Collected data entries:
————————
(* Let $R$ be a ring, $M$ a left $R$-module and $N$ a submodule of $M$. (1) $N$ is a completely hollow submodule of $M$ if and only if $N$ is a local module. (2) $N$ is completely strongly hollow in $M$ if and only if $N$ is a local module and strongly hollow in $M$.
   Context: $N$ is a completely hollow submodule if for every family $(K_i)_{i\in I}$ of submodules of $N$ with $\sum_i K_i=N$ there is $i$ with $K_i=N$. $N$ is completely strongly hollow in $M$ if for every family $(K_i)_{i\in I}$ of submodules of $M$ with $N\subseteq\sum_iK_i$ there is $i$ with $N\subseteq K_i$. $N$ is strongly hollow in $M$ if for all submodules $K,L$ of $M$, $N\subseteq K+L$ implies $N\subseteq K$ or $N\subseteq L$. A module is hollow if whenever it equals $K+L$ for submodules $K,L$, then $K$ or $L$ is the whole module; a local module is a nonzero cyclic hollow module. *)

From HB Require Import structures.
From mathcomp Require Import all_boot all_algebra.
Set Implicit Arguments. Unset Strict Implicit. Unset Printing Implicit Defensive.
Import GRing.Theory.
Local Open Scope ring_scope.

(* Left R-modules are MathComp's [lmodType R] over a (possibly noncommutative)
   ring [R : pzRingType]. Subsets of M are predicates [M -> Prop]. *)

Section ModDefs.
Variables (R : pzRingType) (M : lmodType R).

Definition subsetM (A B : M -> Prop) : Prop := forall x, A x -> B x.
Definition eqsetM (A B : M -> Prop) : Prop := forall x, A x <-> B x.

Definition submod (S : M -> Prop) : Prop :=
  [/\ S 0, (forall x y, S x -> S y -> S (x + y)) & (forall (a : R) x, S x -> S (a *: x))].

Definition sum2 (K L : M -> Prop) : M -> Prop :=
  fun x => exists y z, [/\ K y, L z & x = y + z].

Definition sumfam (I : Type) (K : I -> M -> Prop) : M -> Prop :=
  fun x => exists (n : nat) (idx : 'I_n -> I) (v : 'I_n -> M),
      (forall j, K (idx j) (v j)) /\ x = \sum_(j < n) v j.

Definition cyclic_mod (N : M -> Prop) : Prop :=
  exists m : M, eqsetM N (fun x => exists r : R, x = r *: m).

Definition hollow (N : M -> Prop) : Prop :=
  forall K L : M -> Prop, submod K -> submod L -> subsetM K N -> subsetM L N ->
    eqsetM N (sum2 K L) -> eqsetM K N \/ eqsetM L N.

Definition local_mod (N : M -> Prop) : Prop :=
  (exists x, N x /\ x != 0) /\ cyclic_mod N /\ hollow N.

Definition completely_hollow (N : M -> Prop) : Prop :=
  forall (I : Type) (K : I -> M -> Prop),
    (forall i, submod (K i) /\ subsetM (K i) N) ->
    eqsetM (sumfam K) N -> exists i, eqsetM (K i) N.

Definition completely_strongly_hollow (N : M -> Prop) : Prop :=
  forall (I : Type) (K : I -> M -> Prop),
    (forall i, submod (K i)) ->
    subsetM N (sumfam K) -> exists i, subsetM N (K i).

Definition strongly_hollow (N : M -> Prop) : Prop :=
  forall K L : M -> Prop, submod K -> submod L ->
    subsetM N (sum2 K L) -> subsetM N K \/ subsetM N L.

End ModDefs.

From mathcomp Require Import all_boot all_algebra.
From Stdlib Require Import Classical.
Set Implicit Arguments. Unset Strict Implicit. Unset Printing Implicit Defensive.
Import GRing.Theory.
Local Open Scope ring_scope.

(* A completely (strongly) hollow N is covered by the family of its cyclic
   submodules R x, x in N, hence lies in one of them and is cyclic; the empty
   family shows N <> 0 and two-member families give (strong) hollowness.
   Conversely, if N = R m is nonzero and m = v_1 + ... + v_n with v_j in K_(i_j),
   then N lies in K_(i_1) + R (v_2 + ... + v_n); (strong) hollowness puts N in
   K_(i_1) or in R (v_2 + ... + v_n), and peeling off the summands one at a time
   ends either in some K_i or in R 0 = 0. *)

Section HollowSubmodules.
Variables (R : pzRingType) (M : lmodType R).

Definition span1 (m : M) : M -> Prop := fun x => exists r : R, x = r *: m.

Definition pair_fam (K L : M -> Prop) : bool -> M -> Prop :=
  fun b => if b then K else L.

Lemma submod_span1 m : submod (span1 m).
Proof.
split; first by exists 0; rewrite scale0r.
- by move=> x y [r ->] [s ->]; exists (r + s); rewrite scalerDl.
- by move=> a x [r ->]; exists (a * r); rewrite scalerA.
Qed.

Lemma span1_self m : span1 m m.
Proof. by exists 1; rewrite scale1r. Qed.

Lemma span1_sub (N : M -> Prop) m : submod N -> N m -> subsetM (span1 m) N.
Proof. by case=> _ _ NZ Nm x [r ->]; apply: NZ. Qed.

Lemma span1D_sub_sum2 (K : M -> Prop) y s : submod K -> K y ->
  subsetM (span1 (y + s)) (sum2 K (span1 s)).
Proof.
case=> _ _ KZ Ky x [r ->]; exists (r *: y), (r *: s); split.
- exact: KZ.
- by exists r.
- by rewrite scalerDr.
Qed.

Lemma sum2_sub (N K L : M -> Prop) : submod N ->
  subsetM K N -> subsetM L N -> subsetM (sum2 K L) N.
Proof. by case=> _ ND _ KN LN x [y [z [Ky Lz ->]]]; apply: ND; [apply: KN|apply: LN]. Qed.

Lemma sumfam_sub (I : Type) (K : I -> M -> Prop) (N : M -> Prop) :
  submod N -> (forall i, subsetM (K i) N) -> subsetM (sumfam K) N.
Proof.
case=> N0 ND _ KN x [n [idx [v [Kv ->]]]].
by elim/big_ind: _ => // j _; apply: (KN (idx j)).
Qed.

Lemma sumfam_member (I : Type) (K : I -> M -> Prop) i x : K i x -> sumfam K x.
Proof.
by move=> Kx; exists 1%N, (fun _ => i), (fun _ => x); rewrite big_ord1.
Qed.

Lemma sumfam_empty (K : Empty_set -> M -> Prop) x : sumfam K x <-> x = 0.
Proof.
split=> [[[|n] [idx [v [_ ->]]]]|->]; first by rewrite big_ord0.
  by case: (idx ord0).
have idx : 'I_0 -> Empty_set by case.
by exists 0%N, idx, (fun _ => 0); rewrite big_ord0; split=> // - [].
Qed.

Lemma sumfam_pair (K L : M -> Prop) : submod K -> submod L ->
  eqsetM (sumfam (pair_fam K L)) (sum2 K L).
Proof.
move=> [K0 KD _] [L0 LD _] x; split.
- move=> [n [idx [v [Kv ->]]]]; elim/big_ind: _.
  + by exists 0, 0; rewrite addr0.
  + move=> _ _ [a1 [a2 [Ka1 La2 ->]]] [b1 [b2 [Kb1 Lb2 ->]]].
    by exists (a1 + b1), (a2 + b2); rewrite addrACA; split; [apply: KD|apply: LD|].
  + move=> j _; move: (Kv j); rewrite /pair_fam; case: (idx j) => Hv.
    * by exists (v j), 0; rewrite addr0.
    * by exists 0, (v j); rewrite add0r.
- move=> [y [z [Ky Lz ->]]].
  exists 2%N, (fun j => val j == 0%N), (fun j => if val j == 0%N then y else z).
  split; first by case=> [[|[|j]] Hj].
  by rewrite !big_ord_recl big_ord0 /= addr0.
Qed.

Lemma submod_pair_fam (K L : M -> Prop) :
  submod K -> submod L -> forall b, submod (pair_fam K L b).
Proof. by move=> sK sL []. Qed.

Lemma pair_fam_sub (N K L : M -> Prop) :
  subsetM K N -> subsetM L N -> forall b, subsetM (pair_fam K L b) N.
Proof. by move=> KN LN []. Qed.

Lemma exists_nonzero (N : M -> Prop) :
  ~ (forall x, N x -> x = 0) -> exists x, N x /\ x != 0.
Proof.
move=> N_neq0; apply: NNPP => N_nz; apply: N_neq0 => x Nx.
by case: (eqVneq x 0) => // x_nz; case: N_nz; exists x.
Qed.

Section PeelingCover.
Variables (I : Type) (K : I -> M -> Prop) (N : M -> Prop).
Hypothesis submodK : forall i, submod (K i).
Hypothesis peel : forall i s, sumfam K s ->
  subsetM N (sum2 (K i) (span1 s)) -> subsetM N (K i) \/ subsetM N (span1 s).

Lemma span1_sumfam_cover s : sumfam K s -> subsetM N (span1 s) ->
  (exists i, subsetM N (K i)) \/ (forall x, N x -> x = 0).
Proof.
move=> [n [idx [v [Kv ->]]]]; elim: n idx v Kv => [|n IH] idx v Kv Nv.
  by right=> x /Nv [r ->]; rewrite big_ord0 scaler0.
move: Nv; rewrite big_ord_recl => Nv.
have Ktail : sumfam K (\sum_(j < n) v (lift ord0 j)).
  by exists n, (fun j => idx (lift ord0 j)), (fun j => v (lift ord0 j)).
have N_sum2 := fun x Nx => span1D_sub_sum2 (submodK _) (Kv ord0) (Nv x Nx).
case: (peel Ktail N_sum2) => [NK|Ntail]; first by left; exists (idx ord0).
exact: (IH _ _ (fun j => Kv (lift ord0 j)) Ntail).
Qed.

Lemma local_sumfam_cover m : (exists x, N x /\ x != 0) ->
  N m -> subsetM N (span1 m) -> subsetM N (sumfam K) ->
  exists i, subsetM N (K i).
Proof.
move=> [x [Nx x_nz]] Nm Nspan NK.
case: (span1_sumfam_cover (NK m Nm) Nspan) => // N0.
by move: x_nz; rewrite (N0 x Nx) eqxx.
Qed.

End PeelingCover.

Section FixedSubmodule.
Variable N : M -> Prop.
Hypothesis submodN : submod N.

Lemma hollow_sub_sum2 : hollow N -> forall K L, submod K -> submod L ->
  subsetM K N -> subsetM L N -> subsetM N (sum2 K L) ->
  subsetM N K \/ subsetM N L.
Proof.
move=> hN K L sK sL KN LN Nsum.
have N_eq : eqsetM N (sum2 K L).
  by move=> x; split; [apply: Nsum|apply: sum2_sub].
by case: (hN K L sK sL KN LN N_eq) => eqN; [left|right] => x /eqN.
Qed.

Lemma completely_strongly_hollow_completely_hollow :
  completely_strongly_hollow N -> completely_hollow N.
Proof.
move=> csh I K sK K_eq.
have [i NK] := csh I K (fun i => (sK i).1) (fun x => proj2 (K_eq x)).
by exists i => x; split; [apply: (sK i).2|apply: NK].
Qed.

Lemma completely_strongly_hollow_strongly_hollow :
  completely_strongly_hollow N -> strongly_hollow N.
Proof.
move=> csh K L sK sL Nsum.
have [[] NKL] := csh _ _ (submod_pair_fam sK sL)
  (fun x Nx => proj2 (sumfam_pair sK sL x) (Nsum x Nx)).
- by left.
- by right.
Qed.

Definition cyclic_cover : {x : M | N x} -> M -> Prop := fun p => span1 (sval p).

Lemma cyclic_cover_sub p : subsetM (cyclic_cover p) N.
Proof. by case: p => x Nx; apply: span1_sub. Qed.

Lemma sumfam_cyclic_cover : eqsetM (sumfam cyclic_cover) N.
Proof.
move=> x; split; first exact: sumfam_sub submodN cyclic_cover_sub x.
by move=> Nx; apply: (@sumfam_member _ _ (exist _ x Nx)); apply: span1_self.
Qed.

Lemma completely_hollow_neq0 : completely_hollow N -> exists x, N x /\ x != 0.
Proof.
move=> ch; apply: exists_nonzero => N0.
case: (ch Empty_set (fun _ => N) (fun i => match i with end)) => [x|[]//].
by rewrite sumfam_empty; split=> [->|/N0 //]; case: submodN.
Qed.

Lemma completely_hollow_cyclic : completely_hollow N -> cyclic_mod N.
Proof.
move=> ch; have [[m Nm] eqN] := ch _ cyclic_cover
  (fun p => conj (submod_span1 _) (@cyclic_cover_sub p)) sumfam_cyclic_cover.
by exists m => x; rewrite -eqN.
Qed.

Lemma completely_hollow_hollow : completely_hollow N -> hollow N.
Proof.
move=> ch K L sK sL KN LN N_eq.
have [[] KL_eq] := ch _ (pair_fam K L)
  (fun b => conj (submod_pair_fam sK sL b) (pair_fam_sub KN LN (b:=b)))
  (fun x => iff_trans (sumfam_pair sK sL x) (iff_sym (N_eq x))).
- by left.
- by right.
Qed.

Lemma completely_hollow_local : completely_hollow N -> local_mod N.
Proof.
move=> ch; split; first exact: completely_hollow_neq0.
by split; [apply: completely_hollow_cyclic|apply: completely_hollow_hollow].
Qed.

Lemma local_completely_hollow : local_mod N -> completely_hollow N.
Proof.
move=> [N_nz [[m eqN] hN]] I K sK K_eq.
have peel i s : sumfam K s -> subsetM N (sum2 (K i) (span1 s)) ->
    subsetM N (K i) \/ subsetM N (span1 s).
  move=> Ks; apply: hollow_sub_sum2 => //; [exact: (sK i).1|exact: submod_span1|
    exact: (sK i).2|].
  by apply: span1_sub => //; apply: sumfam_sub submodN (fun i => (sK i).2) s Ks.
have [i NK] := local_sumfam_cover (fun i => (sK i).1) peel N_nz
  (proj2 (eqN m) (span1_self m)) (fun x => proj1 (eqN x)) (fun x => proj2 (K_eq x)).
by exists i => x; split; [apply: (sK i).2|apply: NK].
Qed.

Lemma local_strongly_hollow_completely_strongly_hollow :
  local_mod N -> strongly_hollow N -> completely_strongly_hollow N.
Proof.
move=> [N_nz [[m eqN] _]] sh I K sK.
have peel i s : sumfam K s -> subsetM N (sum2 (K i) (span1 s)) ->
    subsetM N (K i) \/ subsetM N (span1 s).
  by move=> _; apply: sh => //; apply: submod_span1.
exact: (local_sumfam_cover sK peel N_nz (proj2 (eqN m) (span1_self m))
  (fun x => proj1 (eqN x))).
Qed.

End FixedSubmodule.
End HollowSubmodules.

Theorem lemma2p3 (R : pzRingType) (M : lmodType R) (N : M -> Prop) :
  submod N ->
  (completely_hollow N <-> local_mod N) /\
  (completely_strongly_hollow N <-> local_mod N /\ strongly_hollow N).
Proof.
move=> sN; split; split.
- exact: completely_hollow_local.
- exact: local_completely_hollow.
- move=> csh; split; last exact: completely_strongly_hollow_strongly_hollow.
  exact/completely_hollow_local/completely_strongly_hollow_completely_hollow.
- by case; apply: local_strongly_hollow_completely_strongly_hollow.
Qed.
————————
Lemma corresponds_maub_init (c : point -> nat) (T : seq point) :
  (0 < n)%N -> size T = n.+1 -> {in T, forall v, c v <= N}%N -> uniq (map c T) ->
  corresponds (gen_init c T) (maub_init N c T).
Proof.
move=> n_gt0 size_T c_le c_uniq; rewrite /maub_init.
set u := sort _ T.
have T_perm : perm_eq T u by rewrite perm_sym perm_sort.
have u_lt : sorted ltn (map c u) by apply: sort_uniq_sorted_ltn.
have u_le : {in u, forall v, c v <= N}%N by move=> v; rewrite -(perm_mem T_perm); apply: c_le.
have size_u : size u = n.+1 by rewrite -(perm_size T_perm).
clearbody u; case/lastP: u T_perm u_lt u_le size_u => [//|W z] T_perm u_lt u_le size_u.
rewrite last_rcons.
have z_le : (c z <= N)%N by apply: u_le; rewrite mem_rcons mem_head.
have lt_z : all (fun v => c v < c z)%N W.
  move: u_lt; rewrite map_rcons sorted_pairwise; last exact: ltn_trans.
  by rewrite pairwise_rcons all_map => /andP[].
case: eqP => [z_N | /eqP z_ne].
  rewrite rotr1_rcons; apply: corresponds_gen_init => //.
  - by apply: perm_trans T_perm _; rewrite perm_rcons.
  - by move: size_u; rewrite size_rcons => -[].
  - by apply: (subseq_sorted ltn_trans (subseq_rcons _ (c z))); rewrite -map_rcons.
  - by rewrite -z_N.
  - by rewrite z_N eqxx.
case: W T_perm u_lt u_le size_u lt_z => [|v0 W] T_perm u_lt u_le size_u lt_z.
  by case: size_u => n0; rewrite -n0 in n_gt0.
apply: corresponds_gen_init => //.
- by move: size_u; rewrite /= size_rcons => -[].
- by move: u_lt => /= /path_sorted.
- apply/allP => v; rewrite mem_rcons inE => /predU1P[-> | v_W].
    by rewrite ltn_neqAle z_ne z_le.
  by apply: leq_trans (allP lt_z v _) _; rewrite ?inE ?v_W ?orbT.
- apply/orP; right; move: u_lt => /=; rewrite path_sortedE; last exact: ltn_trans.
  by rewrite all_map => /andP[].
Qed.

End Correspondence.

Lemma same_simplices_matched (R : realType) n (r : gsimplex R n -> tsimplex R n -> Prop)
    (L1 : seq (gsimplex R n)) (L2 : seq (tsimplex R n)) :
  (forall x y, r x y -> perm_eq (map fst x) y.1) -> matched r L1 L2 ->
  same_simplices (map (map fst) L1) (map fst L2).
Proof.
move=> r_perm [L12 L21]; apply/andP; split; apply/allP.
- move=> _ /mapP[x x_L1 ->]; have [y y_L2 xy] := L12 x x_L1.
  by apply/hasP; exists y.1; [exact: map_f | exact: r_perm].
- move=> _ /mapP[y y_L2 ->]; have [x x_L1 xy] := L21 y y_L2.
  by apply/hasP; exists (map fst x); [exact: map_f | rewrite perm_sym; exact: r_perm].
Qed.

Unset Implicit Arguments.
————————
**Work task**
What you give back should be only the lines of the records above, starting at the line with "Lemma span1D_sub_sum2 (K" and ending at the line with "Lemma sumfam_member (I", restated word for word.

**Task answer**
Lemma span1D_sub_sum2 (K : M -> Prop) y s : submod K -> K y ->
  subsetM (span1 (y + s)) (sum2 K (span1 s)).
Proof.
case=> _ _ KZ Ky x [r ->]; exists (r *: y), (r *: s); split.
- exact: KZ.
- by exists r.
- by rewrite scalerDr.
Qed.

Lemma sum2_sub (N K L : M -> Prop) : submod N ->
  subsetM K N -> subsetM L N -> subsetM (sum2 K L) N.
Proof. by case=> _ ND _ KN LN x [y [z [Ky Lz ->]]]; apply: ND; [apply: KN|apply: LN]. Qed.

Lemma sumfam_sub (I : Type) (K : I -> M -> Prop) (N : M -> Prop) :
  submod N -> (forall i, subsetM (K i) N) -> subsetM (sumfam K) N.
Proof.
case=> N0 ND _ KN x [n [idx [v [Kv ->]]]].
by elim/big_ind: _ => // j _; apply: (KN (idx j)).
Qed.

Lemma sumfam_member (I : Type) (K : I -> M -> Prop) i x : K i x -> sumfam K x.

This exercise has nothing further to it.